### BRIEF
Return exactly these lines and no others: the one containing "exists (fun i => (i == o)%:R); last first." and all that follow it to the end of the listing below.
----- THE DATA -----
Definition hilbert_diff (a b : {mpoly F[n]}) (h : {mpoly F[n + m]}) : Prop :=
  exists2 G, h = hilbert_form G & \sum_(i < m) Fs i * G i = b - a.

Lemma hilbert_diff_refl a : hilbert_diff a a 0.
Proof.
exists (fun=> 0); last by rewrite subrr big1 // => i _; rewrite mulr0.
by rewrite /hilbert_form big1 // => i _; rewrite /x_embed raddf0 mulr0.
Qed.

Lemma hilbert_diffX (o : 'I_m) : hilbert_diff 0 (Fs o) 'X_(rshift n o).
Proof.
exists (fun i => (i == o)%:R); last first.
  by rewrite subr0 (bigD1 o) //= eqxx mulr1 big1 ?addr0 // => i /negbTE->; rewrite mulr0.
rewrite /hilbert_form (bigD1 o) //= eqxx /x_embed rmorph1 mulr1 big1 ?addr0 //.
by move=> i /negbTE->; rewrite raddf0 mulr0.
Qed.

Lemma hilbert_diffD a b h a' b' h' :
  hilbert_diff a b h -> hilbert_diff a' b' h' ->
  hilbert_diff (a + a') (b + b') (h + h').
Proof.
move=> [G -> sumG] [G' -> sumG']; exists (fun i => G i + G' i).
  rewrite /hilbert_form -big_split /=; apply: eq_bigr => i _.
  by rewrite /x_embed raddfD mulrDr.
under eq_bigr do rewrite mulrDr.
by rewrite big_split /= sumG sumG'; ring.
Qed.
-----
### ANSWER TO THIS PROBLEM
exists (fun i => (i == o)%:R); last first.
  by rewrite subr0 (bigD1 o) //= eqxx mulr1 big1 ?addr0 // => i /negbTE->; rewrite mulr0.
rewrite /hilbert_form (bigD1 o) //= eqxx /x_embed rmorph1 mulr1 big1 ?addr0 //.
by move=> i /negbTE->; rewrite raddf0 mulr0.
Qed.

Lemma hilbert_diffD a b h a' b' h' :
  hilbert_diff a b h -> hilbert_diff a' b' h' ->
  hilbert_diff (a + a') (b + b') (h + h').
Proof.
move=> [G -> sumG] [G' -> sumG']; exists (fun i => G i + G' i).
  rewrite /hilbert_form -big_split /=; apply: eq_bigr => i _.
  by rewrite /x_embed raddfD mulrDr.
under eq_bigr do rewrite mulrDr.
by rewrite big_split /= sumG sumG'; ring.
Qed.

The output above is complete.